Start of Block

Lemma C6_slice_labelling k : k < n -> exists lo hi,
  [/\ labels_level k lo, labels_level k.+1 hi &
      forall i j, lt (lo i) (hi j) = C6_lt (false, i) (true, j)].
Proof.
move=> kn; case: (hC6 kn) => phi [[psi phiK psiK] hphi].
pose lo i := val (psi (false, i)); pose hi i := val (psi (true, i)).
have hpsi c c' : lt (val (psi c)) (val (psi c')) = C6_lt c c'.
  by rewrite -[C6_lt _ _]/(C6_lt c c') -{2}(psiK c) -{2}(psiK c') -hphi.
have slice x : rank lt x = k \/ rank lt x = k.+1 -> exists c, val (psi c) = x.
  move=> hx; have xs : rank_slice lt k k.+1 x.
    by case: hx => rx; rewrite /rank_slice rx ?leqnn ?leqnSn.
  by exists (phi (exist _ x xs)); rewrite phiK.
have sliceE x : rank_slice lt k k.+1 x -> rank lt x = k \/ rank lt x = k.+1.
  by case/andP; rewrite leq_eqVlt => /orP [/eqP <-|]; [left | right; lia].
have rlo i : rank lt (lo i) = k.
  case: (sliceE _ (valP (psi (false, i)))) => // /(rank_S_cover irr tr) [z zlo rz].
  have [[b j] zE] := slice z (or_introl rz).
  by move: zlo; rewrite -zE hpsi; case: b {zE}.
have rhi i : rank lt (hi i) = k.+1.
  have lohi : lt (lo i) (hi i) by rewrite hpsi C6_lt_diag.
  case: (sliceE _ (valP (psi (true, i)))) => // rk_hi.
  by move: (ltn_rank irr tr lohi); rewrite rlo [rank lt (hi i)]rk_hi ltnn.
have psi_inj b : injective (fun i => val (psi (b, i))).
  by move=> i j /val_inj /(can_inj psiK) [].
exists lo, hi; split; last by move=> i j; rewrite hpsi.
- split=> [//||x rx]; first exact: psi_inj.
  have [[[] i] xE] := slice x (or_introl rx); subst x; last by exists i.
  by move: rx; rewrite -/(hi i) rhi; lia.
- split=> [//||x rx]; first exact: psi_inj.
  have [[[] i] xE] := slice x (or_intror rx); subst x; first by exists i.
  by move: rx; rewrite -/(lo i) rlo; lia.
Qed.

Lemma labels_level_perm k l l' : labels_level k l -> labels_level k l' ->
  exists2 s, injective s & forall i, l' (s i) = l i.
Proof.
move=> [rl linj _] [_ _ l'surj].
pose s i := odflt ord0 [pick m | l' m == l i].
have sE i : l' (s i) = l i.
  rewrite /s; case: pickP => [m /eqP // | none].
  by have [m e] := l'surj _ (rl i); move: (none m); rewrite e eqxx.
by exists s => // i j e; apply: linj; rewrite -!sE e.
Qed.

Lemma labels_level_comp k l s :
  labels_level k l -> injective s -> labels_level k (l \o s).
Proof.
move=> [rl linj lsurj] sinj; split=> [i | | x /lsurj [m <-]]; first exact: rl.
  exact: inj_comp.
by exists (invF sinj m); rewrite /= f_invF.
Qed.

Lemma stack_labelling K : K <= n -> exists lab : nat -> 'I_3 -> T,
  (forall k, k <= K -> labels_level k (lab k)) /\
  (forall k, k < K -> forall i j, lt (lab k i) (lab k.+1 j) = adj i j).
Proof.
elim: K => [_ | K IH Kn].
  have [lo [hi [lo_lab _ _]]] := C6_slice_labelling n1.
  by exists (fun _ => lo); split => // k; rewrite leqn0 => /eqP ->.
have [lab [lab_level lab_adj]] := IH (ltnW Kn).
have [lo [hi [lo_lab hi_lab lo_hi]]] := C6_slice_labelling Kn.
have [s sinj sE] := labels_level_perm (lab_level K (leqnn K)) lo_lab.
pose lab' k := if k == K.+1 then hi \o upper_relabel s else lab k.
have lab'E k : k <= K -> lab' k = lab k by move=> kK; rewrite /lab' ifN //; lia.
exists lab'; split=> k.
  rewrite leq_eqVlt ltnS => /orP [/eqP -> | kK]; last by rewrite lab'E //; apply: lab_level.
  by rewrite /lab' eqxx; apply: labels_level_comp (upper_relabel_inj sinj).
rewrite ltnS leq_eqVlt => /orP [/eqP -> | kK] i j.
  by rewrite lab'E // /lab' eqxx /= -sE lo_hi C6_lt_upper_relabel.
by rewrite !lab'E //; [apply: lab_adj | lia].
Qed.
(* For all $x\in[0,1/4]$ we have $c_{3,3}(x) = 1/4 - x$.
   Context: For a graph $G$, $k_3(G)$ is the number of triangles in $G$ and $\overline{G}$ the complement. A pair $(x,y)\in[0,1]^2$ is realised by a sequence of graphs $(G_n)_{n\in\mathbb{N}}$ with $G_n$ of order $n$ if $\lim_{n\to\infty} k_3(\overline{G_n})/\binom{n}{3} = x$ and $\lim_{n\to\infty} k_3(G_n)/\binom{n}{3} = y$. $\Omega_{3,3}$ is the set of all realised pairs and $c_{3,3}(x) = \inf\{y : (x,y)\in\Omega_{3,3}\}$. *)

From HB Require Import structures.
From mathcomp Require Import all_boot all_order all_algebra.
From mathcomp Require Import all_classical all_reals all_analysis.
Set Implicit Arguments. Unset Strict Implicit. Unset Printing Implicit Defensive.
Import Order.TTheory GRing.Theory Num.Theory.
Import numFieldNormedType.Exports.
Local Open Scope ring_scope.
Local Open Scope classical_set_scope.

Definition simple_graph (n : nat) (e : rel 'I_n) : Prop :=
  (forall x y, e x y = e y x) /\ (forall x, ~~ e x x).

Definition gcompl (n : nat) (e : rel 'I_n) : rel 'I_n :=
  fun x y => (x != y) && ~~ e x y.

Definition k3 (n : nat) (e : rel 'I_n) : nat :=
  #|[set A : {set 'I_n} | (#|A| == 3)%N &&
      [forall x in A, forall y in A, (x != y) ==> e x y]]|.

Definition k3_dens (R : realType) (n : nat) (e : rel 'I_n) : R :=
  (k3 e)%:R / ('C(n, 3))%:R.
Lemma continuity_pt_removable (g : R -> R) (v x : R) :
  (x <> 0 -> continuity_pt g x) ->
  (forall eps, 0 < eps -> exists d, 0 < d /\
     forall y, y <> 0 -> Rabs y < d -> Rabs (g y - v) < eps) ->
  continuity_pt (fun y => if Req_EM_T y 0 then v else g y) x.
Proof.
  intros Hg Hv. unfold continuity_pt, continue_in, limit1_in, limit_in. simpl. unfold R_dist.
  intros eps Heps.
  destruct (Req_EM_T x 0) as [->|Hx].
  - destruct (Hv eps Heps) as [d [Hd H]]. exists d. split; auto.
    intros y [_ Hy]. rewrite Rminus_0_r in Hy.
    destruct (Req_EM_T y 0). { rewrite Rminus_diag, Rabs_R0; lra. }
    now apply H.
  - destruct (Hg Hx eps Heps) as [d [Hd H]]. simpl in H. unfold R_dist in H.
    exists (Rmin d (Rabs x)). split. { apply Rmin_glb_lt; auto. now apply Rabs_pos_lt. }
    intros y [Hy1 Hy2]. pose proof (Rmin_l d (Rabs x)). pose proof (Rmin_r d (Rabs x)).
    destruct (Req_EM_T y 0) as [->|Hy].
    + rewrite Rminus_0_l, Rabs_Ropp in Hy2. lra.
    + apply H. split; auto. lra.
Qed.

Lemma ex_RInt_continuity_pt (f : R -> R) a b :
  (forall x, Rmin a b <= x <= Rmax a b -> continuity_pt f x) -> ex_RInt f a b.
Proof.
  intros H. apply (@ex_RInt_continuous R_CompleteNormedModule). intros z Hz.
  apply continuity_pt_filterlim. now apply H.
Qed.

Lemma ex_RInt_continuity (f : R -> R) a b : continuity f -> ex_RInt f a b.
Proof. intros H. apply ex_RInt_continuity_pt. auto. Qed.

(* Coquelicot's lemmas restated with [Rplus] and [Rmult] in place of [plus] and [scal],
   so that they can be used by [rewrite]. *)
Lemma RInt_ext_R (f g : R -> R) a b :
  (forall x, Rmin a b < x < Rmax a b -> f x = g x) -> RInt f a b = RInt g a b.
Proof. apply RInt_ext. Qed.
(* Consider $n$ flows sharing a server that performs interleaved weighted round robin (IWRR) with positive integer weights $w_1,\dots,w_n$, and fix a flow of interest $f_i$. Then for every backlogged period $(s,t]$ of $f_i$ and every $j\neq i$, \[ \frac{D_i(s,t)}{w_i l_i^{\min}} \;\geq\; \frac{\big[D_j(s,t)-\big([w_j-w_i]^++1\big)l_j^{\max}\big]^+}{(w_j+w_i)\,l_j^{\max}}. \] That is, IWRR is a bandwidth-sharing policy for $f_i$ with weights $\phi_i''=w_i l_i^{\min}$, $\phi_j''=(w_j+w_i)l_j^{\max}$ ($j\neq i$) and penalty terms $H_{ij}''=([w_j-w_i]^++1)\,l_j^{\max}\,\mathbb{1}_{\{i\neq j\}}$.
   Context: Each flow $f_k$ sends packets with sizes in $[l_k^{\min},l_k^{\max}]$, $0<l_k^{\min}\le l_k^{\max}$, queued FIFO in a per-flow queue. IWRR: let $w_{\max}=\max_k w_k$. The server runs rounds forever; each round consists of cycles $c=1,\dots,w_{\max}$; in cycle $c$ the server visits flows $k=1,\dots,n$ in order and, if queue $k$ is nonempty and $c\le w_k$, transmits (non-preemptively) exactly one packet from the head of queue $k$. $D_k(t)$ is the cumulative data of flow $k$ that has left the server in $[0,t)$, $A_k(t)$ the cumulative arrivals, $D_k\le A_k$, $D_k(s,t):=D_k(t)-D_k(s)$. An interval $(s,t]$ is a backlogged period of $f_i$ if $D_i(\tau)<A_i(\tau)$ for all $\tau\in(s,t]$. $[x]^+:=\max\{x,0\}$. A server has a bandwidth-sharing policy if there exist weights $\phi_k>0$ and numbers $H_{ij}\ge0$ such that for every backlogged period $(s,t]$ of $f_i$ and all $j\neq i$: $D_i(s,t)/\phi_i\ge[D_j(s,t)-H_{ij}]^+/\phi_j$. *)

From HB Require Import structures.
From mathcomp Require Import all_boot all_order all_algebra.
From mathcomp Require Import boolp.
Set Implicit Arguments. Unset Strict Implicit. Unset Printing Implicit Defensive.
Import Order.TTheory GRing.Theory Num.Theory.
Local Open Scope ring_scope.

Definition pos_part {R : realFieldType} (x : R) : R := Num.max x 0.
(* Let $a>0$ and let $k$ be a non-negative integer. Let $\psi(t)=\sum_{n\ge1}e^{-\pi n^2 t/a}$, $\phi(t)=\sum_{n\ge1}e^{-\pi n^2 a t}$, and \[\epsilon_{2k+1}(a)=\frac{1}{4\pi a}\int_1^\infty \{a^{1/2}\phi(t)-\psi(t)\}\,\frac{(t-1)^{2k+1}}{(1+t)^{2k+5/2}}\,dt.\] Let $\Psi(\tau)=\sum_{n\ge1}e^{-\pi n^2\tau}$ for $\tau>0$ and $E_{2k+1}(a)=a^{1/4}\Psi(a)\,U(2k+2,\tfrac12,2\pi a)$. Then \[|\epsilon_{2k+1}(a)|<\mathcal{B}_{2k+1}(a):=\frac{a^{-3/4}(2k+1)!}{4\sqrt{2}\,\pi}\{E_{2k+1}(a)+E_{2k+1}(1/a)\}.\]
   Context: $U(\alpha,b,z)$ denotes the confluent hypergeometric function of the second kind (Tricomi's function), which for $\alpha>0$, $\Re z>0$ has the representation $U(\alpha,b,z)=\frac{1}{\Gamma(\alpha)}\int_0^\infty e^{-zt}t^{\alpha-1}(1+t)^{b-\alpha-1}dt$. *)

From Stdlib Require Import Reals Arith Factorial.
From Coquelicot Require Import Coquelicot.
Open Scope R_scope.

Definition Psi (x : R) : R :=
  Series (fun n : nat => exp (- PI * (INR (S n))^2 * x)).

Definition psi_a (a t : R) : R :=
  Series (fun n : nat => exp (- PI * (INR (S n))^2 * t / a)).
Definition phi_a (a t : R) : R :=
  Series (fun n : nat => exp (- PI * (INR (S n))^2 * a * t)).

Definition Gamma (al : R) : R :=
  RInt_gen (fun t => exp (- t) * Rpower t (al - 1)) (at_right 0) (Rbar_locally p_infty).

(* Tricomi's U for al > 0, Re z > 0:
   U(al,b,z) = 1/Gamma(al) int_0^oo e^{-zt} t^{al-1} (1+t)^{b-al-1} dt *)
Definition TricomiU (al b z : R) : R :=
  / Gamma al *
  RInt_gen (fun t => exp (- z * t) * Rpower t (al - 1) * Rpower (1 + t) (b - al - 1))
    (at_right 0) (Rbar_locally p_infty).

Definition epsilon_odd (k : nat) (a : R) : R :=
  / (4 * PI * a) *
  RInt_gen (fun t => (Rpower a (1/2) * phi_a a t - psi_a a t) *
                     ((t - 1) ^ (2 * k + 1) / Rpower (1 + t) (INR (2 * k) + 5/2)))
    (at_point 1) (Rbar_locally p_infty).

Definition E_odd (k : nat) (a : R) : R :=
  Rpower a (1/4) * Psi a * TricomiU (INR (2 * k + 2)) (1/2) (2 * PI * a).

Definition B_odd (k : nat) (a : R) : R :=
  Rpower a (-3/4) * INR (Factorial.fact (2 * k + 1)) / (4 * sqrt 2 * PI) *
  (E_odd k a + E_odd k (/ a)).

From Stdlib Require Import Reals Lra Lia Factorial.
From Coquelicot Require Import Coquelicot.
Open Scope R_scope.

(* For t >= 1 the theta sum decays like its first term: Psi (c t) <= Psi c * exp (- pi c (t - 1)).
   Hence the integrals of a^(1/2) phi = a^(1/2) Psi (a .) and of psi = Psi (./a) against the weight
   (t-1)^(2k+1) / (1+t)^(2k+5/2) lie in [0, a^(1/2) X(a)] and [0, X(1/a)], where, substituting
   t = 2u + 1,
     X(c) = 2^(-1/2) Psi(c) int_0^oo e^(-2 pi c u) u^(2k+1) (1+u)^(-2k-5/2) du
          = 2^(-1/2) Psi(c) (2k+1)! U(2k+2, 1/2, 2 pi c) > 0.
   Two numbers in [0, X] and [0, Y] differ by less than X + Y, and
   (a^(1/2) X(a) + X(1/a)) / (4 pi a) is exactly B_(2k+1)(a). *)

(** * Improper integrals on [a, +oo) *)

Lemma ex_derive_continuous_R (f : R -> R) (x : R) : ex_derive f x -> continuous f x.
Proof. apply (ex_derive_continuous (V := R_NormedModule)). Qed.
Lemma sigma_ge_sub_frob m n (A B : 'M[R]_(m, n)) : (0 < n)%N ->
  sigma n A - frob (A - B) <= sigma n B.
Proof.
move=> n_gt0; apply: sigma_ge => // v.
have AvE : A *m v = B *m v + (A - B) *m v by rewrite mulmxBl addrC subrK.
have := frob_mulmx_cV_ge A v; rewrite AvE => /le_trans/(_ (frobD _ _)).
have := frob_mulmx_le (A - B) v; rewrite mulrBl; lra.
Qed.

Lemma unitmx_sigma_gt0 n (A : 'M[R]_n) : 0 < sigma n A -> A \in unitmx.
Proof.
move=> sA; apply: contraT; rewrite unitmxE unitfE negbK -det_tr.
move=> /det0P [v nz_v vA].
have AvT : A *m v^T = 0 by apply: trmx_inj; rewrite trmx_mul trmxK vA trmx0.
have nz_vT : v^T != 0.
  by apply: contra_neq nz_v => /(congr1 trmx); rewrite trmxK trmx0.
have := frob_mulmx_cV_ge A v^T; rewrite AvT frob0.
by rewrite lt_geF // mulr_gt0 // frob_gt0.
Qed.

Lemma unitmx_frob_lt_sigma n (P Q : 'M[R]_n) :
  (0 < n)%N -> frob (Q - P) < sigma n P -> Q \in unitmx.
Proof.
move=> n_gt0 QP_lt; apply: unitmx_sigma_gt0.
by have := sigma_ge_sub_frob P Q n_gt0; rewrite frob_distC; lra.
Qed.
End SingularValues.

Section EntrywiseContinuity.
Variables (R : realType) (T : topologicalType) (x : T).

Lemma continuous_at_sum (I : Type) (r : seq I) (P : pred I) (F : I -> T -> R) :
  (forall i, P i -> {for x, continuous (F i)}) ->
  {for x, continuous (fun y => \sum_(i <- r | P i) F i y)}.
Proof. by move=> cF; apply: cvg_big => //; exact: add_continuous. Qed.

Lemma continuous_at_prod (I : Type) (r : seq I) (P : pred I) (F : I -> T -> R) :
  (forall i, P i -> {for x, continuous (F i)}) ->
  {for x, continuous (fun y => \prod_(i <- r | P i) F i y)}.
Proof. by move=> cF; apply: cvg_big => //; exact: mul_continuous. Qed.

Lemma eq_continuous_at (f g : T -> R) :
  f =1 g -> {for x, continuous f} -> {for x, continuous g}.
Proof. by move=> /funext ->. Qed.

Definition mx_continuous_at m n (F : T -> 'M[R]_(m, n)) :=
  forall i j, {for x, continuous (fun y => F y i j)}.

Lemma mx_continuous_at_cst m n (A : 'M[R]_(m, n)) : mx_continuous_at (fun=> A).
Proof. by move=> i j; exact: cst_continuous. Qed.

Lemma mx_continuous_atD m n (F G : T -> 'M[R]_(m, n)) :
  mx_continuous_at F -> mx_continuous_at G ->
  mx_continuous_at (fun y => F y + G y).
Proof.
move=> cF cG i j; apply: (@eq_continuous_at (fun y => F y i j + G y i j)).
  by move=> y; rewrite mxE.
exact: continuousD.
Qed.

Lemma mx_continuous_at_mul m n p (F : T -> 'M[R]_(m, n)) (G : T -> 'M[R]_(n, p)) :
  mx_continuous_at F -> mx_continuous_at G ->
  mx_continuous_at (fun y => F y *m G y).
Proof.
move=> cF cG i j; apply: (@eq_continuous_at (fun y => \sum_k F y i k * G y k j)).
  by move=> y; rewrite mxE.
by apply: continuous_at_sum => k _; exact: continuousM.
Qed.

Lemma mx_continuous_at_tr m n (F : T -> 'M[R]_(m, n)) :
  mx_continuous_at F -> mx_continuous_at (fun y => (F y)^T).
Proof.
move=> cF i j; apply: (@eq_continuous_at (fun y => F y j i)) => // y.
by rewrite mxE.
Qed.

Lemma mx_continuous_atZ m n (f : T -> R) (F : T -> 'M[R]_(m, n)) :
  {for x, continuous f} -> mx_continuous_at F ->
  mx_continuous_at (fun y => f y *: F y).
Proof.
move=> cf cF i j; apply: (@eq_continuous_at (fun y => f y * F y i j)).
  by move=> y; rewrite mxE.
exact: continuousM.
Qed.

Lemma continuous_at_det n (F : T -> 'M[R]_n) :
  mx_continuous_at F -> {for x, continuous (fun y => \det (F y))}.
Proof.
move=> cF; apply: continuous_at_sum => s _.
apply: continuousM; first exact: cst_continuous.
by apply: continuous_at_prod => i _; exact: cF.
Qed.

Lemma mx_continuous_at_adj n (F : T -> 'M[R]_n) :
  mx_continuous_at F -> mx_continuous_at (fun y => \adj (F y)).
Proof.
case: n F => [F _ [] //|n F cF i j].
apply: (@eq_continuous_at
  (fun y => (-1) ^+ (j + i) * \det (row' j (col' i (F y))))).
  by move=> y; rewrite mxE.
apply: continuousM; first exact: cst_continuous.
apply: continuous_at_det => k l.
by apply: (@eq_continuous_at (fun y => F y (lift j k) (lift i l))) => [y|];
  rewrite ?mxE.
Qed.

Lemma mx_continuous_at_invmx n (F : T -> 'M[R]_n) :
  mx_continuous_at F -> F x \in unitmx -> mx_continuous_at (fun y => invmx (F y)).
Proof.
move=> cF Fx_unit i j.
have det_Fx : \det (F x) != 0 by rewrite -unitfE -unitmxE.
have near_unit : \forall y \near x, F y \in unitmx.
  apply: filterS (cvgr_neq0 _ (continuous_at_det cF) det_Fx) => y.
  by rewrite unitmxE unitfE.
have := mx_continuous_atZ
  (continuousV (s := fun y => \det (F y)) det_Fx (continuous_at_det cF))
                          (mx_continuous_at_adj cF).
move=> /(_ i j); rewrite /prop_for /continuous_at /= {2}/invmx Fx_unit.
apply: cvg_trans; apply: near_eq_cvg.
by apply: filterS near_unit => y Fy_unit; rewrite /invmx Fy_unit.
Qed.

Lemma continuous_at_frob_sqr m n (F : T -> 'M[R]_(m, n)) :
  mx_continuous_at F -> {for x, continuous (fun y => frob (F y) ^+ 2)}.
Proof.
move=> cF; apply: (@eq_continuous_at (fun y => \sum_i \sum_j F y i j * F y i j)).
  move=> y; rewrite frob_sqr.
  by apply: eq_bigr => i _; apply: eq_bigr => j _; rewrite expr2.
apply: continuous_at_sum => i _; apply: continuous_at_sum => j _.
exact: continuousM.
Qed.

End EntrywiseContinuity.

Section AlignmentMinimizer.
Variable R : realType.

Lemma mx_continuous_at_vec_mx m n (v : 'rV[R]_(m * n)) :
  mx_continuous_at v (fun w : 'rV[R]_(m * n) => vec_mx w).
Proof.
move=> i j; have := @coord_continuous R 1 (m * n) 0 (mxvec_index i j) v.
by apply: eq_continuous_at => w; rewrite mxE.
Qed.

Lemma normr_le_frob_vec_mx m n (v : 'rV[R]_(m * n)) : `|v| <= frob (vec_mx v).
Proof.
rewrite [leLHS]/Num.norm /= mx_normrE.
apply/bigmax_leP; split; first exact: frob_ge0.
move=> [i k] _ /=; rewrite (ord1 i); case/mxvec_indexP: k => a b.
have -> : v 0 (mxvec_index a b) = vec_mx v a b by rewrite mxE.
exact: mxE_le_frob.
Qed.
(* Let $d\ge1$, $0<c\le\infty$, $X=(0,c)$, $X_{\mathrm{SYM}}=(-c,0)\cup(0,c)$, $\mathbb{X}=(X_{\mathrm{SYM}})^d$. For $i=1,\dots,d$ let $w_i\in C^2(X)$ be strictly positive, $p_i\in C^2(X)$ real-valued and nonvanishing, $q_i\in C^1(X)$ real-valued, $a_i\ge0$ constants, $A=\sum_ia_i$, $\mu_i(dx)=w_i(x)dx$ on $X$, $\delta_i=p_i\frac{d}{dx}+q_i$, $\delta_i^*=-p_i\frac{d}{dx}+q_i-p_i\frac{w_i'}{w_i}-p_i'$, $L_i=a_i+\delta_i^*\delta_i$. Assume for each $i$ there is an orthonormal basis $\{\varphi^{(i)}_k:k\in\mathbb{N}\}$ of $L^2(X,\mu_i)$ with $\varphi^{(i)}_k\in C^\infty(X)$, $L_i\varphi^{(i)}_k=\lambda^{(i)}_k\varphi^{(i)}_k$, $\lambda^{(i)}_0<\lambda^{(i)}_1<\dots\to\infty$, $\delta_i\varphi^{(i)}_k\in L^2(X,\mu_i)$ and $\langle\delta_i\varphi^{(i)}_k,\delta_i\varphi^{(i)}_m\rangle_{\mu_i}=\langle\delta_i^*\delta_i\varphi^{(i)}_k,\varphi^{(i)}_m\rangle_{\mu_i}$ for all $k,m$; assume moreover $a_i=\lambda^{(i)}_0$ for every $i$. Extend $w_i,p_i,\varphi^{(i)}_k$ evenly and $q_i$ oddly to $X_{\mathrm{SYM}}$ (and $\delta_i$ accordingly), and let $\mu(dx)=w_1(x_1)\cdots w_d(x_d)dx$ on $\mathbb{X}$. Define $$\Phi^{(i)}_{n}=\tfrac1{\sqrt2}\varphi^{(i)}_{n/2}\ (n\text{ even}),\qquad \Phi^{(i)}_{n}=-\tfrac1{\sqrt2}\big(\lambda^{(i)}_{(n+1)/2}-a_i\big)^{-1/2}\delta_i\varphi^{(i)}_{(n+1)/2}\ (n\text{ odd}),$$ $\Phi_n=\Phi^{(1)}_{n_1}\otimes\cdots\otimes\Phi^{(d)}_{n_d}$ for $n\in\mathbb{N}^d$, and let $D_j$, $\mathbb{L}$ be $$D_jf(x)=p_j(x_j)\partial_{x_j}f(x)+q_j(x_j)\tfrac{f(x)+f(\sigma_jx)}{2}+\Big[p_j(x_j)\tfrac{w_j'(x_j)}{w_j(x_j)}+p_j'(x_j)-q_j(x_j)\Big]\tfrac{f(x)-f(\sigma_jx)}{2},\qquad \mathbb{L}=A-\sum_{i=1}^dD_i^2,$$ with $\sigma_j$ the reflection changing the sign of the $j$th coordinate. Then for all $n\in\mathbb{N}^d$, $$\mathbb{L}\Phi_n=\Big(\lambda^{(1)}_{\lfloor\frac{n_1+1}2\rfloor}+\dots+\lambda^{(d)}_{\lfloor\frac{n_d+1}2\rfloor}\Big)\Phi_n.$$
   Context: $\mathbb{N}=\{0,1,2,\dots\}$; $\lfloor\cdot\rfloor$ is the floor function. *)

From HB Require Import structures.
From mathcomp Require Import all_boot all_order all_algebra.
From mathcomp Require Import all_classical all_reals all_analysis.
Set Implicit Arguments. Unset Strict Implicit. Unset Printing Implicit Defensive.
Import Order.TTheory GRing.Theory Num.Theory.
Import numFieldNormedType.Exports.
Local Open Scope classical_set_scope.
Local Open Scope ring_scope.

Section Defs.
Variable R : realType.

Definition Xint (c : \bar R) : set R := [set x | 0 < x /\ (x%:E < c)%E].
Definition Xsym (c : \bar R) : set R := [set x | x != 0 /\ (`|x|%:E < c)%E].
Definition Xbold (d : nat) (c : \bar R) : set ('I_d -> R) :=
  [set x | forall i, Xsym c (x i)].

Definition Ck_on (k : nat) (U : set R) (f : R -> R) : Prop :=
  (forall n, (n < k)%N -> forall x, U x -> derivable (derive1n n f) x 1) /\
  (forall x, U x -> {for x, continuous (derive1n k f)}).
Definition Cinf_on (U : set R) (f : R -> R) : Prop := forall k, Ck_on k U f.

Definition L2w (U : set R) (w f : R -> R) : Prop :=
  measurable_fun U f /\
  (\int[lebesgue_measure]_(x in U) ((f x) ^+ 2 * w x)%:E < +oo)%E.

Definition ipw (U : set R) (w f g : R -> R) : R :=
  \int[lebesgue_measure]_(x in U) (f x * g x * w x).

End of Block

_Try it_
Using the entries above, give back exactly the line containing "by apply: eq_continuous_at => w; rewrite mxE.", the line containing "move=> [i k]", and every line between them, and nothing else.

_Completed exercise_
by apply: eq_continuous_at => w; rewrite mxE.
Qed.

Lemma normr_le_frob_vec_mx m n (v : 'rV[R]_(m * n)) : `|v| <= frob (vec_mx v).
Proof.
rewrite [leLHS]/Num.norm /= mx_normrE.
apply/bigmax_leP; split; first exact: frob_ge0.
move=> [i k] _ /=; rewrite (ord1 i); case/mxvec_indexP: k => a b.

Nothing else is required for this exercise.